> **Exercise details**
Transcribe the stretch of entries below from the line with "Definition rf_zero (f" through the line with "Lemma rf_reduceK p", exactly and with both ends included; leave out all other lines.

Stored data:
- - - -

(* Let $T(z)=\dfrac{az+b}{cz+d}$ with $a,c\in\mathbb{C}\setminus\{0\}$, $b,d\in\mathbb{C}$ and $ad-bc=1$. Then $z=-b/a$ is a superattracting fixed point of $St_T$, the finite extraneous fixed points $z_e=\dfrac{(a-2d)\pm\sqrt{a^2-4}}{2c}$ are rationally indifferent fixed points of $St_T$, and $\infty$ is a superattracting fixed point of $St_T$.
   Context: For a non-constant rational function $f$, Stirling's iterative root-finding method is $St_f(z)=z-\dfrac{f(z)}{f'\big(z-f(z)\big)}$, regarded as a rational self-map of $\widehat{\mathbb{C}}$. An extraneous fixed point of $St_f$ is a fixed point which is not a zero of $f$. Superattracting means multiplier $0$; rationally indifferent means multiplier $e^{2\pi i\theta}$ with $\theta\in\mathbb{Q}$; the multiplier at $\infty$ of a rational map $F$ is $G'(0)$ with $G(z)=1/F(1/z)$. *)

From HB Require Import structures.
From mathcomp Require Import all_boot all_order all_algebra.
From mathcomp Require Import complex.
From mathcomp Require Import reals trigo.
Set Implicit Arguments.
Unset Strict Implicit.
Unset Printing Implicit Defensive.
Import Order.TTheory GRing.Theory Num.Theory.
Local Open Scope ring_scope.

(* Rational functions over a field K, represented as (numerator,      *)
(* denominator) pairs of polynomials; the rational map of the Riemann *)
(* sphere they define is obtained after cancelling the gcd.           *)
Section RatFun.
Variable K : fieldType.

Definition ratfun := ({poly K} * {poly K})%type.

Definition rf_id : ratfun := ('X, 1).

Definition rf_sub (f g : ratfun) : ratfun :=
  (f.1 * g.2 - g.1 * f.2, f.2 * g.2).

Definition rf_div (f g : ratfun) : ratfun := (f.1 * g.2, f.2 * g.1).

Definition rf_deriv (f : ratfun) : ratfun :=
  (f.1^`() * f.2 - f.1 * f.2^`(), f.2 ^+ 2).

(* composition f o g : with f = p/q, N = max(deg p, deg q), g = r/s,
   f(g) = (sum_i p_i r^i s^(N-i)) / (sum_i q_i r^i s^(N-i)) *)
Definition rf_comp (f g : ratfun) : ratfun :=
  let N := (maxn (size f.1) (size f.2)).-1 in
  (\sum_(i < size f.1) f.1`_i *: (g.1 ^+ i * g.2 ^+ (N - i)),
   \sum_(i < size f.2) f.2`_i *: (g.1 ^+ i * g.2 ^+ (N - i))).

Definition rf_reduce (f : ratfun) : ratfun :=
  (f.1 %/ gcdp f.1 f.2, f.2 %/ gcdp f.1 f.2).

(* value at a finite point z, as a point of the Riemann sphere
   (None = infinity) *)
Definition rf_eval (f : ratfun) (z : K) : option K :=
  let g := rf_reduce f in
  if g.2.[z] == 0 then None else Some (g.1.[z] / g.2.[z]).

Definition rf_inv : ratfun := (1, 'X).

(* G(z) = 1 / F(1/z), the conjugate of F by z |-> 1/z, used at infinity *)
Definition rf_at_inf (f : ratfun) : ratfun := rf_comp rf_inv (rf_comp f rf_inv).

Definition rf_fixed (f : ratfun) (z : K) : Prop := rf_eval f z = Some z.

(* multiplier at a finite point z (meaningful when f(z) is finite):
   the derivative of the (reduced) rational function at z *)
Definition rf_mult (f : ratfun) (z : K) : K :=
  let d := rf_deriv (rf_reduce f) in d.1.[z] / d.2.[z].

Definition rf_fixed_inf (f : ratfun) : Prop := rf_fixed (rf_at_inf f) 0.
Definition rf_mult_inf (f : ratfun) : K := rf_mult (rf_at_inf f) 0.

Definition rf_zero (f : ratfun) (z : K) : Prop := rf_eval f z = Some 0.

Definition stirling (f : ratfun) : ratfun :=
  rf_sub rf_id (rf_div f (rf_comp (rf_deriv f) (rf_sub rf_id f))).

Definition moebius (a b c d : K) : ratfun :=
  (a%:P * 'X + b%:P, c%:P * 'X + d%:P).

End RatFun.

Section Cplx.
Variable R : realType.
Local Notation C := R[i].

Definition expi2pi (theta : rat) : C :=
  Complex (cos (2 * pi * ratr theta)) (sin (2 * pi * ratr theta)).

Definition superattracting_fixed (f : ratfun C) (z : C) : Prop :=
  rf_fixed f z /\ rf_mult f z = 0.

Definition superattracting_fixed_inf (f : ratfun C) : Prop :=
  rf_fixed_inf f /\ rf_mult_inf f = 0.

Definition rationally_indifferent_fixed (f : ratfun C) (z : C) : Prop :=
  rf_fixed f z /\ exists theta : rat, rf_mult f z = expi2pi theta.

Definition extraneous_fixed (f : ratfun C) (z : C) : Prop :=
  rf_fixed (stirling f) z /\ ~ rf_zero f z.

End Cplx.

(* With T = num / den, the condition ad - bc = 1 makes T' = 1 / den^2, and
   c (z - T z) + d = Q / den with Q = den^2 - c num; hence
   St_T(z) = z - num Q^2 / den^3.  Its finite fixed points are the zeros of
   num, where den = 1/a and St_T' = 1 - a Q^2 / den^3 = 0, and the zeros of Q,
   which are double zeros of num Q^2, so St_T' = 1 there.  Completing the
   square, 4 Q(z) = (2cz - (a - 2d))^2 - (a^2 - 4).  At infinity the
   numerator of St_T has degree 5 and its denominator degree 3, so
   1 / St_T(1 / w) vanishes to second order at w = 0. *)

From HB Require Import structures.
From mathcomp Require Import all_boot all_order all_algebra.
From mathcomp Require Import complex.
From mathcomp Require Import reals trigo.
From mathcomp Require Import ring zify.
Import Order.TTheory GRing.Theory Num.Theory.
Local Open Scope ring_scope.

Set Implicit Arguments.
Unset Strict Implicit.
Unset Printing Implicit Defensive.

Section RationalMaps.
Variable K : fieldType.
Implicit Types (p q u v N D P S : {poly K}) (z : K).

Lemma size_exp_neq0 p n : p != 0 -> size (p ^+ n) = ((size p).-1 * n).+1.
Proof. by move=> nz_p; rewrite polySpred ?expf_neq0 // size_exp. Qed.

Lemma size_linear (k1 k0 : K) : k1 != 0 -> size (k1%:P * 'X + k0%:P) = 2.
Proof. by move=> nz_k1; rewrite size_MXaddC polyC_eq0 (negbTE nz_k1) size_polyC nz_k1. Qed.

Lemma rf_reduceK p q :
  (rf_reduce (p, q)).1 * gcdp p q = p /\ (rf_reduce (p, q)).2 * gcdp p q = q.
Proof. by rewrite !divpK ?dvdp_gcdl ?dvdp_gcdr. Qed.

Lemma rf_eval_nonpole p q z : q.[z] != 0 -> rf_eval (p, q) z = Some (p.[z] / q.[z]).
Proof.
rewrite /rf_eval; have [] := rf_reduceK p q.
case: (rf_reduce _) (gcdp p q) => p1 q1 g /= <- <-.
rewrite !hornerM mulf_eq0 negb_or => /andP[nz_q nz_g].
by rewrite (negbTE nz_q); congr Some; field; rewrite nz_q nz_g.
Qed.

- - - -

> **Exercise response**
Definition rf_zero (f : ratfun) (z : K) : Prop := rf_eval f z = Some 0.

Definition stirling (f : ratfun) : ratfun :=
  rf_sub rf_id (rf_div f (rf_comp (rf_deriv f) (rf_sub rf_id f))).

Definition moebius (a b c d : K) : ratfun :=
  (a%:P * 'X + b%:P, c%:P * 'X + d%:P).

End RatFun.

Section Cplx.
Variable R : realType.
Local Notation C := R[i].

Definition expi2pi (theta : rat) : C :=
  Complex (cos (2 * pi * ratr theta)) (sin (2 * pi * ratr theta)).

Definition superattracting_fixed (f : ratfun C) (z : C) : Prop :=
  rf_fixed f z /\ rf_mult f z = 0.

Definition superattracting_fixed_inf (f : ratfun C) : Prop :=
  rf_fixed_inf f /\ rf_mult_inf f = 0.

Definition rationally_indifferent_fixed (f : ratfun C) (z : C) : Prop :=
  rf_fixed f z /\ exists theta : rat, rf_mult f z = expi2pi theta.

Definition extraneous_fixed (f : ratfun C) (z : C) : Prop :=
  rf_fixed (stirling f) z /\ ~ rf_zero f z.

End Cplx.

(* With T = num / den, the condition ad - bc = 1 makes T' = 1 / den^2, and
   c (z - T z) + d = Q / den with Q = den^2 - c num; hence
   St_T(z) = z - num Q^2 / den^3.  Its finite fixed points are the zeros of
   num, where den = 1/a and St_T' = 1 - a Q^2 / den^3 = 0, and the zeros of Q,
   which are double zeros of num Q^2, so St_T' = 1 there.  Completing the
   square, 4 Q(z) = (2cz - (a - 2d))^2 - (a^2 - 4).  At infinity the
   numerator of St_T has degree 5 and its denominator degree 3, so
   1 / St_T(1 / w) vanishes to second order at w = 0. *)

From HB Require Import structures.
From mathcomp Require Import all_boot all_order all_algebra.
From mathcomp Require Import complex.
From mathcomp Require Import reals trigo.
From mathcomp Require Import ring zify.
Import Order.TTheory GRing.Theory Num.Theory.
Local Open Scope ring_scope.

Set Implicit Arguments.
Unset Strict Implicit.
Unset Printing Implicit Defensive.

Section RationalMaps.
Variable K : fieldType.
Implicit Types (p q u v N D P S : {poly K}) (z : K).

Lemma size_exp_neq0 p n : p != 0 -> size (p ^+ n) = ((size p).-1 * n).+1.
Proof. by move=> nz_p; rewrite polySpred ?expf_neq0 // size_exp. Qed.

Lemma size_linear (k1 k0 : K) : k1 != 0 -> size (k1%:P * 'X + k0%:P) = 2.
Proof. by move=> nz_k1; rewrite size_MXaddC polyC_eq0 (negbTE nz_k1) size_polyC nz_k1. Qed.

Lemma rf_reduceK p q :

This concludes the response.